Your assignment:
What lines in the records below include the word "case"? Return each one.

Data for the task:
Definition alphaL (la mu : R) : R[i] := 'i * (mu / (2 * (la + 2 * mu)))%:C.
Definition betaL (la mu : R) : R[i] := ((la + 3 * mu) / (4 * mu * (la + 2 * mu)))%:C.
Definition deltaL (la mu : R) : R[i] := (- (mu * (la + mu) / (la + 2 * mu)))%:C.
Definition rhoL (lap mup lam mum : R) : R[i] :=
  - (betaL lap mup + betaL lam mum) * (deltaL lap mup + deltaL lam mum)
  - (alphaL lap mup + alphaL lam mum) ^+ 2.

Definition R12 (kappa : R[i]) (lap mup lam mum : R) (phi : fcoef2) : fcoef2 :=
  let ap := alphaL lap mup in let am := alphaL lam mum in
  let bp := betaL lap mup in let bm := betaL lam mum in
  scal2 (- ((bp + bm) / rhoL lap mup lam mum))
    (bL kappa (addf2 (scal2 (1/2) (bI phi)) (scal2 ((ap * bm - am * bp) / (bp + bm)) (bH phi)))).

Definition R21 (kappa : R[i]) (lap mup lam mum : R) (g : fcoef2) : fcoef2 :=
  let ap := alphaL lap mup in let am := alphaL lam mum in
  let dp := deltaL lap mup in let dm := deltaL lam mum in
  scal2 ((dp + dm) / rhoL lap mup lam mum)
    (bLinv kappa (addf2 (scal2 (1/2) (bI g)) (scal2 (- ((ap * dm - am * dp) / (dp + dm))) (bH g)))).

End Defs.

From HB Require Import structures.
From mathcomp Require Import all_boot all_order all_algebra.
From mathcomp Require Import all_classical all_reals all_analysis.
From mathcomp Require Import complex.
From mathcomp Require Import ring lra zify.
Set Implicit Arguments. Unset Strict Implicit. Unset Printing Implicit Defensive.
Import Order.TTheory GRing.Theory Num.Theory.
Local Open Scope ring_scope.
Local Open Scope complex_scope.

(* All operators involved are Fourier multipliers, so each pairing is a sum over the modes n of
   [-k q_t(n) m(n)]: here k > 0 is built from the Lame constants, q_t(n) is the n-th term of
   <(1/2 I + i t H) phi, conj phi> for a real t with |t| < 1/2, hence comparable to |phi(n)|^2,
   and m = Lsym kappa for R12, m = Linvsym kappa for R21. Writing (n^2 - kappa^2)^(1/2) = u + i v
   with kappa = a + i b, one has u > 0 > v, u v = - a b and u ~ max(1, |n|), hence
   - v ~ 1 / max(1, |n|) and - v <= (a / b) u. These mode-wise bounds give the four estimates
   term by term, and the domination - v <= (a / b) u makes the series of imaginary parts
   converge. *)

Section SymmetricSeries.
Variable R : realType.
Implicit Types f g : int -> R.

Lemma symsumS (T : nmodType) (f : int -> T) N :
  symsum f N.+1 = f (- N.+1%:Z) + symsum f N + f N.+1%:Z.
Proof.
rewrite /symsum doubleS big_nat_recl // big_nat_recr //= -addrA sub0r.
congr (_ + (_ + f _)); last lia.
by apply: eq_bigr => k _; congr f; lia.
Qed.

Lemma symsumZ f c : symsum (fun n => c * f n) = (fun N => c * symsum f N).
Proof. by apply: funext => N; rewrite /symsum mulr_sumr. Qed.

Lemma symsum_ge0 f N : (forall n, 0 <= f n) -> 0 <= symsum f N.
Proof. by move=> f_ge0; apply: sumr_ge0 => k _. Qed.

Lemma nondecreasing_symsum f : (forall n, 0 <= f n) -> nondecreasing_seq (symsum f).
Proof.
move=> f_ge0; apply/nondecreasing_seqP => N; rewrite symsumS.
by have := f_ge0 (- N.+1%:Z); have := f_ge0 N.+1%:Z; lra.
Qed.

Lemma is_cvgn_symsum_le f g :
  (forall n, 0 <= f n <= g n) -> cvgn (symsum g) -> cvgn (symsum f).
Proof.
move=> fg g_cvg.
have f_ge0 n : 0 <= f n by case/andP: (fg n).
have g_ge0 n : 0 <= g n by case/andP: (fg n) => /le_trans; apply.
apply: nondecreasing_is_cvgn; first exact: nondecreasing_symsum.
exists (limn (symsum g)) => _ [N _ <-].
have := nondecreasing_cvgn_le (nondecreasing_symsum g_ge0) g_cvg N.
apply: le_trans; apply: ler_sum => k _.
by case/andP: (fg (k%:Z - N%:Z)).
Qed.

Lemma is_cvgn_symsumZ f c : cvgn (symsum f) -> cvgn (symsum (fun n => c * f n)).
Proof. by rewrite symsumZ; apply: is_cvgMl_tmp. Qed.

Lemma limn_symsumZ f c :
  cvgn (symsum f) -> limn (symsum (fun n => c * f n)) = c * limn (symsum f).
Proof. by rewrite symsumZ; apply: limZl_tmp. Qed.

Lemma limn_symsum_ge0 f : (forall n, 0 <= f n) -> cvgn (symsum f) -> 0 <= limn (symsum f).
Proof. by move=> f_ge0 f_cvg; apply: limr_ge => //; apply: nearW => N; apply: symsum_ge0. Qed.

Lemma ler_limn_symsum c f g : (forall n, c * f n <= g n) ->
  cvgn (symsum f) -> cvgn (symsum g) -> c * limn (symsum f) <= limn (symsum g).
Proof.
move=> fg f_cvg g_cvg; rewrite -limn_symsumZ //.
apply: ler_lim => //; first exact: is_cvgn_symsumZ.
by apply: nearW => N; apply: ler_sum => k _.
Qed.

End SymmetricSeries.

Section Weights.
Variable R : realType.

Definition brack (n : int) : R := Num.max 1 (`|n|%N)%:R.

Exercise response:
have f_ge0 n : 0 <= f n by case/andP: (fg n).
have g_ge0 n : 0 <= g n by case/andP: (fg n) => /le_trans; apply.
by case/andP: (fg (k%:Z - N%:Z)).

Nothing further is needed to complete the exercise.